ABOUT THIS TASK:
Could you print out every entry, character for character?

==== DATA UNDER STUDY

Definition tile_cells (t : tile) : seq cell :=
  let: (k, (a, b)) := t in
  match nat_of_ord k with
  | 0 => [:: (a, b, true)]
  | 1 => [:: (a, b, false)]
  | 2 => [:: (a, b, true); (a + 1, b, true); (a, b + 1, true); (a, b, false)]%R
  | _ => [:: (a, b, false); (a - 1, b + 1, false); (a, b + 1, false);
             (a, b + 1, true)]%R
  end.

Definition is_tiling (R : seq cell) (T : {fset tile}) : bool :=
  [&& all (fun t => all (fun c => c \in R) (tile_cells t)) T,
      all (fun t1 => all (fun t2 => (t1 == t2) ||
             ~~ has (fun c => c \in tile_cells t2) (tile_cells t1)) T) T &
      all (fun c => has (fun t => c \in tile_cells t) T) R].

(* Finite pool of candidate tiles: every tile (k,(a,b)) contains a cell with
   coordinates (a,b), so every tile contained in R is in this pool. *)
Definition cand_tiles (R : seq cell) : {fset tile} :=
  [fset t in [seq (k, (c.1.1, c.1.2)) | k <- enum 'I_4, c <- R]
     | all (fun c => c \in R) (tile_cells t)].

Definition tilings (R : seq cell) : {fset {fset tile}} :=
  [fset T in fpowerset (cand_tiles R) | is_tiling R T].

Definition num_tilings (R : seq cell) : nat := #|` tilings R|.

Definition total_tiles (R : seq cell) : nat :=
  \sum_(T <- tilings R) #|` T|.

(* Region H_n: bottom row (strip 0 <= y <= s): up cells (a,0), 0<=a<n, and
   down cells (a,0), 0<=a<n-1 (trapezoid (0,0),(n,0),(n-1/2,s),(1/2,s));
   top row (strip s <= y <= 2s): down cells (a-1,1), 0<=a<n, and up cells
   (a,1), 0<=a<n-1 (trapezoid (1/2,s),(n-1/2,s),(n,2s),(0,2s)). *)
Definition H_region (n : nat) : seq cell :=
  [seq ((a%:Z)%R, 0%R, true) | a <- iota 0 n] ++
  [seq ((a%:Z)%R, 0%R, false) | a <- iota 0 n.-1] ++
  [seq ((a%:Z - 1)%R, 1%R, false) | a <- iota 0 n] ++
  [seq ((a%:Z)%R, 1%R, true) | a <- iota 0 n.-1].

(* P_n: H_n minus the cell with vertices (n-1,0),(n,0),(n-1/2,s),
   i.e. the up cell (n-1, 0). *)
Definition P_region (n : nat) : seq cell :=
  [seq c <- H_region n | c != (((n.-1)%:Z)%R, 0%R, true)].

(* Every large tile of H_n or P_n contains a down cell (a, 0) of the bottom row, with
   0 <= a <= n - 2, and is determined by a and its orientation; all other cells are small
   tiles.  Writing 0, 1 or 2 at position a for "no large tile", "up", "down" identifies the
   tilings of H_n with the words of length n - 1 over {0, 1, 2} in which no two adjacent
   letters are equal and nonzero (two large tiles of the same orientation at adjacent
   positions overlap), and the tilings of P_n with those words that do not end in 1.  A
   tiling with j large tiles has |R| - 3j tiles, so h_n and p_n only depend on the total
   number L of nonzero letters.  A recursion on the last letter, using the symmetry
   1 <-> 2, gives 2 L_H + P_n = n H_n and 2 L_P = (n - 1) P_n. *)

From HB Require Import structures.
From mathcomp Require Import all_boot all_order all_algebra.
From mathcomp Require Import finmap zify lra.
Import Order.TTheory GRing.Theory Num.Theory.

Set Implicit Arguments.
Unset Strict Implicit.
Unset Printing Implicit Defensive.

Definition compat (x y : nat) : bool := (y == 0) || (x != y).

========

SOLUTION FOR THIS TASK:
Definition tile_cells (t : tile) : seq cell :=
  let: (k, (a, b)) := t in
  match nat_of_ord k with
  | 0 => [:: (a, b, true)]
  | 1 => [:: (a, b, false)]
  | 2 => [:: (a, b, true); (a + 1, b, true); (a, b + 1, true); (a, b, false)]%R
  | _ => [:: (a, b, false); (a - 1, b + 1, false); (a, b + 1, false);
             (a, b + 1, true)]%R
  end.

Definition is_tiling (R : seq cell) (T : {fset tile}) : bool :=
  [&& all (fun t => all (fun c => c \in R) (tile_cells t)) T,
      all (fun t1 => all (fun t2 => (t1 == t2) ||
             ~~ has (fun c => c \in tile_cells t2) (tile_cells t1)) T) T &
      all (fun c => has (fun t => c \in tile_cells t) T) R].

(* Finite pool of candidate tiles: every tile (k,(a,b)) contains a cell with
   coordinates (a,b), so every tile contained in R is in this pool. *)
Definition cand_tiles (R : seq cell) : {fset tile} :=
  [fset t in [seq (k, (c.1.1, c.1.2)) | k <- enum 'I_4, c <- R]
     | all (fun c => c \in R) (tile_cells t)].

Definition tilings (R : seq cell) : {fset {fset tile}} :=
  [fset T in fpowerset (cand_tiles R) | is_tiling R T].

Definition num_tilings (R : seq cell) : nat := #|` tilings R|.

Definition total_tiles (R : seq cell) : nat :=
  \sum_(T <- tilings R) #|` T|.

(* Region H_n: bottom row (strip 0 <= y <= s): up cells (a,0), 0<=a<n, and
   down cells (a,0), 0<=a<n-1 (trapezoid (0,0),(n,0),(n-1/2,s),(1/2,s));
   top row (strip s <= y <= 2s): down cells (a-1,1), 0<=a<n, and up cells
   (a,1), 0<=a<n-1 (trapezoid (1/2,s),(n-1/2,s),(n,2s),(0,2s)). *)
Definition H_region (n : nat) : seq cell :=
  [seq ((a%:Z)%R, 0%R, true) | a <- iota 0 n] ++
  [seq ((a%:Z)%R, 0%R, false) | a <- iota 0 n.-1] ++
  [seq ((a%:Z - 1)%R, 1%R, false) | a <- iota 0 n] ++
  [seq ((a%:Z)%R, 1%R, true) | a <- iota 0 n.-1].

(* P_n: H_n minus the cell with vertices (n-1,0),(n,0),(n-1/2,s),
   i.e. the up cell (n-1, 0). *)
Definition P_region (n : nat) : seq cell :=
  [seq c <- H_region n | c != (((n.-1)%:Z)%R, 0%R, true)].

(* Every large tile of H_n or P_n contains a down cell (a, 0) of the bottom row, with
   0 <= a <= n - 2, and is determined by a and its orientation; all other cells are small
   tiles.  Writing 0, 1 or 2 at position a for "no large tile", "up", "down" identifies the
   tilings of H_n with the words of length n - 1 over {0, 1, 2} in which no two adjacent
   letters are equal and nonzero (two large tiles of the same orientation at adjacent
   positions overlap), and the tilings of P_n with those words that do not end in 1.  A
   tiling with j large tiles has |R| - 3j tiles, so h_n and p_n only depend on the total
   number L of nonzero letters.  A recursion on the last letter, using the symmetry
   1 <-> 2, gives 2 L_H + P_n = n H_n and 2 L_P = (n - 1) P_n. *)

From HB Require Import structures.
From mathcomp Require Import all_boot all_order all_algebra.
From mathcomp Require Import finmap zify lra.
Import Order.TTheory GRing.Theory Num.Theory.

Set Implicit Arguments.
Unset Strict Implicit.
Unset Printing Implicit Defensive.

Definition compat (x y : nat) : bool := (y == 0) || (x != y).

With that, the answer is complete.